I feverishly check the two main apps that I use for the weather (not that they have been very accurate in the past, but from my Google maps adventures in Serbia, you already know I don’t learn very quick and maintain my trust in the tech even beyond common sense...)
I basically have 3 options:
1. San Bernardino pass, this route goes pretty high, around 1650m so it could be risky taking this route if it is going to snow.
2. Gotthard tunnel. Doesn‘t go very high, thus safer, but of course 16+km in a tunnel is not so pleasant.
3. If neither route looks feasible today I will have to wait around in Italy for the weather to get better.
I don’t fancy waiting around, I have informed everyone at home I will be coming home today and I very much look forwards to being able to hug them all close!!!
So, I look at my trusty weather apps and they show that the weather is best in the morning and starts getting nasty from about 1pm onwards. In addition the weather in central Switzerland after I come out of the Gotthard tunnel looks the worst: snow and rain, and temperatures that look lower than on the San Bernardino route. So, I think I know what to do. But to be safe, I decide to stop at Bellinzona and do a final check of the weather radar before I head into the mountains....
Well at least the Italian weather doesn’t disappoint today, and from this side, the mountains look very friendly... no sign of snow storms!
I am pleased to see better oil pressure when I set off this morning. It is also to be expected as the engine, and the oil, are still cold. At first when the engine warms up I see the pressure fall a little again, but then an hour or two on, the pressure has steadily gone up to the normal level!!
I can‘t explain how that has happened, but for now I am just happy and drive on.
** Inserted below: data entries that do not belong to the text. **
(* Replace k by a weight f : V -> nat and call D f-optimal when it maximises
   phi_f(X) = f(X) - |E(G[X])|; a subgraph M with d_M <= f, and d_M = f off D,
   is then built by induction on the number of edges.  An edge inside D, or at a
   vertex of weight 0, can be deleted without affecting optimality.  An edge ab
   can be put into M, decreasing f at a and b, whenever this keeps D optimal:
   this holds if both ends lie outside D, or if every maximiser of phi_f meets
   {a, b}.  In the remaining case every edge joins D to its complement, so phi_f
   is supermodular for the order "inclusion off D, reverse inclusion on D"; for a
   vertex a outside D, the maximiser I avoiding a with |I :&: D| least has a
   neighbour b of a (as adding a to I does not help), and supermodularity shows
   that every maximiser meets {a, b}.  Without edges, optimality forces f = 0
   off D. *)

Section FactorsOfOptimalSets.

Variable V : finType.
Implicit Types (e m : rel V) (f : V -> nat) (D X Y : {set V}) (a b v : V).

Definition wsum f X : nat := \sum_(x in X) f x.

(* Twice the number of edges of G[X]: each edge is counted in both directions. *)
Definition arcs e X : nat := \sum_(x in X) \sum_(y in X) (e x y : nat).

Lemma sum_pred1_in X b : \sum_(y in X) (y == b : nat) = (b \in X).
Proof.
case bX: (b \in X).
  by rewrite (big_setD1 b bX) eqxx big1 // => y /setD1P[/negbTE-> _].
by rewrite big1 // => y yX; case: eqP => // yb; rewrite -yb yX in bX.
Qed.

Lemma deg_inE e Y v : deg_in e Y v = \sum_(u in Y) (e v u : nat).
Proof.
rewrite /deg_in -sum1dep_card big_mkcondr /=.
by apply: eq_bigr => u _; case: (e v u).
Qed.

Lemma wsumE f X : wsum f X = \sum_x ((x \in X) * f x).
Proof.
by rewrite /wsum big_mkcond; apply: eq_bigr => x _; case: (x \in X); rewrite ?mul1n.
Qed.

Lemma arcsE e X : arcs e X = \sum_(p : V * V) ([&& p.1 \in X, p.2 \in X & e p.1 p.2] : nat).
Proof.
rewrite /arcs pair_big_dep big_mkcond /=.
by apply: eq_bigr => p _; case: (_ \in X); case: (_ \in X).
Qed.

Lemma wsum_setU1 f v Y : v \notin Y -> wsum f (v |: Y) = f v + wsum f Y.
Proof. exact: big_setU1. Qed.

Lemma wsum_const k X : wsum (fun=> k) X = k * #|X|.
Proof. by rewrite /wsum sum_nat_const mulnC. Qed.

Lemma arcs_setU1 e v Y : symmetric e -> irreflexive e -> v \notin Y ->
  arcs e (v |: Y) = arcs e Y + 2 * deg_in e Y v.
Proof.
move=> sym irr vY; rewrite /arcs deg_inE big_setU1 //= (big_setU1 _ vY) /= irr add0n.
under [X in _ + X = _]eq_bigr => x _ do rewrite (big_setU1 _ vY) /= sym.
by rewrite big_split /=; lia.
Qed.

Lemma edge_neq e a b : irreflexive e -> e a b -> a != b.
Proof. by move=> irr; apply: contraTneq => ->; rewrite irr. Qed.

Definition decr f a : V -> nat := fun x => f x - (x == a).

Lemma wsum_decr f a X : 0 < f a -> wsum f X = wsum (decr f a) X + (a \in X).
Proof.
move=> fa; rewrite /wsum /decr; case aX: (a \in X).
  rewrite !(big_setD1 a aX) /= eqxx.
  have -> : \sum_(x in X :\ a) (f x - (x == a)) = \sum_(x in X :\ a) f x.
    by apply: eq_bigr => x /setD1P[/negbTE-> _]; rewrite subn0.
  lia.
rewrite addn0; apply: eq_bigr => x xX; case: eqP => [xa|]; last by rewrite subn0.
by rewrite -xa xX in aX.
Qed.

Definition del_edge e a b : rel V :=
  fun x y => e x y && ~~ ((x == a) && (y == b) || (x == b) && (y == a)).

Lemma del_edge_sym e a b : symmetric e -> symmetric (del_edge e a b).
Proof.
by move=> sym x y; rewrite /del_edge sym [(y == a) && _]andbC [(y == b) && _]andbC orbC.
Qed.

Lemma del_edge_irr e a b : irreflexive e -> irreflexive (del_edge e a b).
Proof. by move=> irr x; rewrite /del_edge irr. Qed.

Lemma del_edge_sub e a b : subrel (del_edge e a b) e.
Proof. by move=> x y /andP[]. Qed.

Lemma del_edge_deleted e a b : del_edge e a b a b = false.
Proof. by rewrite /del_edge !eqxx andbF. Qed.

Lemma arcs_del_edge e a b X : symmetric e -> e a b -> a != b ->
  arcs e X = arcs (del_edge e a b) X + 2 * ((a \in X) && (b \in X)).
Proof.
move=> sym eab ab.
have split_arc x y : (e x y : nat) =
    del_edge e a b x y + (x == a) * (y == b) + (x == b) * (y == a).
  have eP : (x == a) && (y == b) -> e x y by case/andP => /eqP-> /eqP->.
  have eQ : (x == b) && (y == a) -> e x y by case/andP => /eqP-> /eqP->; rewrite sym.
  have nPQ : ~~ (((x == a) && (y == b)) && ((x == b) && (y == a))).
    by apply: contra ab => /andP[/andP[/eqP<- _] /andP[/eqP<- _]].
  rewrite /del_edge !mulnb; move: eP eQ nPQ.
  move: ((x == a) && (y == b)) ((x == b) && (y == a)) => p q.
  by move=> /implyP + /implyP; case: p; case: q; case: (e x y).
rewrite /arcs; under eq_bigr => x _ do
  rewrite (eq_bigr _ (fun y _ => split_arc x y)) !big_split -!big_distrr /= !sum_pred1_in.
by rewrite !big_split -!big_distrl /= !sum_pred1_in -mulnb; lia.
Qed.

Lemma arcs_induced_edges e X : symmetric e -> irreflexive e ->
  arcs e X = 2 * #|induced_edges e X|.
Proof.
move=> sym irr.
pose P := [set p : V * V | [&& p.1 \in X, p.2 \in X & e p.1 p.2]].
have -> : arcs e X = #|P|.
  by rewrite arcsE -sum1dep_card [RHS]big_mkcond; apply: eq_bigr => p _; case: (_ && _).
rewrite -sum1_card (partition_big (fun p : V * V => [set p.1; p.2])
                                  (fun E => E \in induced_edges e X)); last first.
  move=> [x y]; rewrite !inE /= => /and3P[xX yX exy].
  rewrite subUset !sub1set xX yX /=.
  by apply/existsP; exists x; apply/existsP; exists y; rewrite exy eqxx.
rewrite mulnC -sum_nat_const; apply: eq_bigr => E.
rewrite inE => /andP[sEX /existsP[x /existsP[y /andP[exy /eqP defE]]]].
have xy := edge_neq irr exy.
have xX : x \in X by apply: (subsetP sEX); rewrite defE set21.
have yX : y \in X by apply: (subsetP sEX); rewrite defE set22.
rewrite sum1dep_card.
have -> : [set p in P | [set p.1; p.2] == E] = [set (x, y); (y, x)].
  apply/setP => [[p q]]; rewrite !inE /= defE !xpair_eqE.
  apply/idP/idP.
  - move=> /andP[/and3P[_ _ epq] /eqP pqE].
    have pq := edge_neq irr epq.
    have : p \in [set x; y] by rewrite -pqE set21.
    have : q \in [set x; y] by rewrite -pqE set22.
    rewrite !inE => /orP[]/eqP qE /orP[]/eqP pE;
      by move: pq; rewrite pE qE ?eqxx ?andbT ?orbT.
  - case/orP=> /andP[/eqP-> /eqP->]; rewrite xX yX ?exy ?(sym y x) ?exy //=.
    by rewrite setUC.
by rewrite cards2 xpair_eqE negb_and xy.
Qed.

(* [2 * wsum f X - arcs e X] is twice phi_f(X) = f(X) - |E(G[X])|; the sums
   are kept on the two sides to avoid truncated subtraction. *)
Definition f_optimal e f D : Prop :=
  forall X, 2 * wsum f X + arcs e D <= 2 * wsum f D + arcs e X.

Definition f_tight e f D X : bool :=
  2 * wsum f X + arcs e D == 2 * wsum f D + arcs e X.

Definition has_fmatching_saturating e f D : Prop :=
  exists m : rel V, [/\ symmetric m, subrel m e, forall v, deg m v <= f v &
                        forall v, v \notin D -> deg m v = f v].

Lemma f_optimal_tight e f D X : f_optimal e f D -> f_tight e f D X -> f_optimal e f X.
Proof. by move=> opt /eqP tX Y; have := opt Y; lia. Qed.

Lemma f_optimal_deg_in e f D v : symmetric e -> irreflexive e ->
  f_optimal e f D -> v \notin D -> f v <= deg_in e D v.
Proof.
by move=> sym irr opt vD; have := opt (v |: D); rewrite wsum_setU1 // arcs_setU1 //; lia.
Qed.

Lemma f_optimal_del_edge_in e f D a b : symmetric e -> irreflexive e ->
  e a b -> a \in D -> b \in D -> f_optimal e f D -> f_optimal (del_edge e a b) f D.
Proof.
move=> sym irr eab aD bD opt X; have ab := edge_neq irr eab.
have := opt X; rewrite (arcs_del_edge D sym eab ab) (arcs_del_edge X sym eab ab) aD bD.
by case: ((a \in X) && _); lia.
Qed.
The car will get an oil change when we get home anyway, so there is nothing else to do about it now! Great!!
As the day continues the pressure gets better and better, so that is a big worry off my mind... only the weather to think about now....
I still have a couple of stretches of toll roads to do and I already get melancholic about missing the machines voice!
When I arrived in Bari on Friday morning and came to the first toll booth, my heart warmed at the sound of this voice... „Ritirare la tessera! Arrivederci.“ So many memories of holidays and trips of the past travelling the Italian Autostradas...
But for now it is „Arrivederci!! ... 🥲
I pass the border without any problems (don’t even have to stop), past the lake of Lugano where it is already getting pretty windy.
The wind maintains and at first it is still sunny, but soon it becomes grim...
Through the San Bernardino tunnel and then also the snow comes. Luckily it is just some really light powder that mostly passes over me. Nothing compared to the icy rain in Macedonia!
And soon enough after we drop back down to Chur and follow the A13 home, the sun breaks through the clouds again. The weather and the car have both delivered for me today! I see the minutes tick down on the navigation: 39, 23, 14 minutes to go...
And then suddenly I am there! The last couple of hours seem to have been lost in a mist. So good to see the family again! (Jeanne was still at a birthday party)
And look what a beautiful welcome home cake!!! Thank you Nina 😘❤️
Wow did those two weeks fly past! At times it felt I had a week‘s worth of adventures and memories each single day, and then all of a sudden it is all over....
But the memories, they last!!
I can’t even think of what my favourite moments were... getting lost in the backcountry in Serbia, the Hagia Sophia, driving across the Bosporus to Asia, seeing Rome, or Fiore the super friendly and cuddly pertrol station guy!!
I will hold myself back here (for once 😉) and not get deep on what this trip meant for me and what I have learned. But please ask me about that the next time we are together over a glass of wine...
Thanks for reading and sharing this experience with me and all the lovely messages you all sent me!